Lemma bform_nondeg (d : V) : (forall u, bform d u = 0) -> d = 0.
Proof.
move=> d_perp; have dF : d *m Fmx K m = 0.
  apply/rowP => j; rewrite [RHS]mxE -(d_perp (delta_mx 0 j)) /bform.
  by rewrite trmx_delta -colE [RHS]mxE.
have FF : Fmx K m *m Fmx K m = 1%:M.
  rewrite /Fmx mulmx_block !mulmx0 !mul0mx !mulmx1 !addr0 !add0r.
  by rewrite [RHS]scalar_mx_block.
by rewrite -[d]mulmx1 -FF mulmxA dF mul0mx.
Qed.

Lemma theta0D (u v : V) : theta0 (u + v) = theta0 u + theta0 v + bform u v.
Proof.
have EF : Emx K m + (Emx K m)^T = Fmx K m.
  by rewrite /Emx /Fmx tr_block_mx !trmx0 trmx1 add_block_mx !addr0 !add0r.
have Evu : (v *m Emx K m *m u^T) 0 0 = (u *m (Emx K m)^T *m v^T) 0 0.
  by rewrite [LHS]mx11_trmx !trmx_mul trmxK mulmxA.
rewrite /theta0 /bform -EF linearD /= !(mulmxDl, mulmxDr) !mx11D Evu.
by ring.
Qed.

Lemma theta0Z k (u : V) : theta0 (k *: u) = k ^+ 2 * theta0 u.
Proof. by rewrite /theta0 linearZ /= -scalemxAr -!scalemxAl !mxE mulrA expr2. Qed.

Lemma thetaZ a k (u : V) : theta a (k *: u) = k ^+ 2 * theta a u.
Proof. by rewrite /theta theta0Z bformZr exprMn mulrDr. Qed.

Lemma transvE (c u : V) : u *m transv c = u + bform u c *: c.
Proof.
rewrite /transv mulmxDr mulmx1 !mulmxA.
by rewrite [u *m _ *m _]mx11_scalar mul_scalar_mx.
Qed.

End HyperbolicForm.

Section Char2Forms.
Variables (K : fieldType) (m : nat) (K2 : 2%N \in [pchar K]).
Local Notation V := 'rV[K]_(m + m).

Lemma addv_eq0_pchar2 (a b : V) : (a + b == 0) = (a == b).
Proof. by rewrite addr_eq0 -scaleN1r oppr_pchar2 // scale1r. Qed.

Lemma bform_alt (u : V) : bform u u = 0.
Proof.
have u2 : u + u = 0 by rewrite -{1 2}[u]scale1r -scalerDl addrr_pchar2 // scale0r.
have := theta0D u u; rewrite u2 -(scale0r 0) theta0Z expr0n mul0r.
by rewrite addrr_pchar2 // add0r => <-.
Qed.

Lemma transv_invol (c u : V) : u *m transv c *m transv c = u.
Proof.
rewrite !transvE bformDl bformZl bform_alt mulr0 addr0 -addrA -scalerDl.
by rewrite addrr_pchar2 // scale0r addr0.
Qed.

Lemma transvK (c : V) : transv c *m transv c = 1%:M.
Proof. by apply/row_matrixP => i; rewrite !rowE mulmxA transv_invol mulmx1. Qed.

Lemma invmx_transv (c : V) : invmx (transv c) = transv c.
Proof.
have [T_unit _] := mulmx1_unit (transvK c).
by rewrite -[LHS]mulmx1 -(transvK c) mulmxA mulVmx ?mul1mx.
Qed.

Lemma theta_transv (a c u : V) :
  qf_act (theta a) (transv c) u = theta a u + bform c u ^+ 2 * (1 + theta a c).
Proof.
rewrite /qf_act invmx_transv transvE /theta theta0D theta0Z bformDr !bformZr.
by rewrite [bform u c]bformC sqrrD_pchar2 // exprMn; ring.
Qed.

Lemma theta_transv_eqP (a b c : V) :
  (forall u, qf_act (theta a) (transv c) u = theta b u) <->
  (forall u, bform (a + b) u ^+ 2 = bform c u ^+ 2 * (1 + theta a c)).
Proof.
have eq_u u : (qf_act (theta a) (transv c) u == theta b u) =
              (bform (a + b) u ^+ 2 == bform c u ^+ 2 * (1 + theta a c)).
  rewrite theta_transv /theta bformDl sqrrD_pchar2 // -addrA (inj_eq (addrI _)).
  by rewrite eq_pchar2 // [RHS]eq_pchar2 // addrAC.
by split=> E u; apply/eqP; [rewrite -eq_u | rewrite eq_u]; apply/eqP.
Qed.

Lemma theta_transv_scaled_eqP (a b : V) g : a != b ->
  (forall u, qf_act (theta a) (transv (g *: (a + b))) u = theta b u) <->
  g ^+ 2 * (1 + g ^+ 2 * theta a (a + b)) = 1.
Proof.
rewrite -addv_eq0_pchar2 => ab_neq0; rewrite theta_transv_eqP thetaZ.
set L := g ^+ 2 * (1 + _).
have eq_u u : bform (g *: (a + b)) u ^+ 2 * (1 + g ^+ 2 * theta a (a + b)) =
              bform (a + b) u ^+ 2 * L.
  by rewrite bformZl exprMn /L; ring.
split=> [E | L1 u]; last by rewrite eq_u L1 mulr1.
apply/eqP; apply: contraNT ab_neq0 => L_neq1; apply/eqP/bform_nondeg => u.
have : bform (a + b) u ^+ 2 * (L - 1) == 0 by rewrite mulrBr mulr1 -eq_u -E subrr.
by rewrite mulf_eq0 subr_eq0 (negPf L_neq1) orbF expf_eq0 => /eqP.
Qed.

Lemma theta_addr (a b : V) :
  theta a (a + b) = theta0 a + theta0 b + artin_schreier (bform a b).
Proof.
by rewrite /theta theta0D bformDr bform_alt add0r /artin_schreier; ring.
Qed.

End Char2Forms.

Section FiniteChar2Forms.
Variables (F : finFieldType) (F2 : 2%N \in [pchar F]) (m : nat).
Local Notation V := 'rV[F]_(m + m).

Lemma theta_transv_center (a b c : V) : a != b ->
  (forall u, qf_act (theta a) (transv c) u = theta b u) ->
  exists2 g, g != 0 & c = g *: (a + b).
Proof.
rewrite -addv_eq0_pchar2 // => ab_neq0 /(theta_transv_eqP F2) E.
have [s s2] := sqrf_surj F2 (1 + theta a c).
have ab_sc : a + b = s *: c.
  apply/eqP; rewrite -addv_eq0_pchar2 //; apply/eqP/bform_nondeg => u.
  apply/eqP; rewrite bformDl bformZl -eq_pchar2 //; apply/eqP/(sqrf_inj F2).
  by rewrite E exprMn s2 mulrC.
have s_neq0 : s != 0 by apply: contraNneq ab_neq0 => s0; rewrite ab_sc s0 scale0r.
by exists s^-1; rewrite ?invr_eq0 // ab_sc scalerA mulVf ?scale1r.
Qed.

Lemma theta_transv_scaled_artin_schreierP (a b : V) : a != b ->
  (exists2 g : F, g != 0 &
     forall u, qf_act (theta a) (transv (g *: (a + b))) u = theta b u) <->
  (exists z, artin_schreier z = theta0 a + theta0 b).
Proof.
move=> ab_neq.
rewrite -(artin_schreier_shift F2 _ (bform a b)) -theta_addr //.
rewrite -quartic_root_artin_schreierP //.
by split=> -[g g_neq0 E]; exists g => //; apply/(theta_transv_scaled_eqP F2).
Qed.

End FiniteChar2Forms.

Theorem lemmaA6 (h : nat) (K : finFieldType) (hK : #|K| = (2 ^ h)%N)
  (m : nat) (hm : (0 < m)%N) (a b : 'rV[K]_(m + m)) (hab : a != b) :
  let P1 := exists c : 'rV[K]_(m + m),
              forall u, qf_act (theta a) (transv c) u = theta b u in
  let P2 := exists2 g : K, g != 0 &
              forall u, qf_act (theta a) (transv (g *: (a + b))) u = theta b u in
  let P3 := trace2 h (theta0 a) = trace2 h (theta0 b) in
  let P4 := ~ irreducible_poly ('X^2 + 'X + (theta0 a + theta0 b)%:P) in
  [/\ (P1 <-> P2), (P2 <-> P3) & (P3 <-> P4)].
Proof.
(* [hm] is redundant: for m = 0 the space is trivial and [a != b] fails. *)
move=> P1 P2 P3 P4; have K2 := finField_pchar2 hK.
pose Q := exists z, artin_schreier z = theta0 a + theta0 b.
have P2Q : P2 <-> Q by apply: theta_transv_scaled_artin_schreierP.
have P3Q : P3 <-> Q.
  rewrite /P3 /Q -(trace2_eq0P hK) (trace2D hK).
  by split=> [-> | /eqP]; [exact: addrr_pchar2 | rewrite -eq_pchar2 // => /eqP].
have P4Q : P4 <-> Q.
  rewrite /P4 cubic_reducibleP ?size_artin_schreier_poly //.
  by split=> -[z /(root_artin_schreier_polyP K2)]; exists z.
split; last exact: iff_trans P3Q (iff_sym P4Q).
- split=> [[c E] | [g _ E]]; last by exists (g *: (a + b)).
  have [g g_neq0 c_def] := theta_transv_center K2 hab E.
  by exists g; rewrite // -c_def.
- exact: iff_trans P2Q (iff_sym P3Q).
Qed.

Task objective: What is the number of lines above that contain the string "transvE"? Answer with the number alone.

Expected answer: 3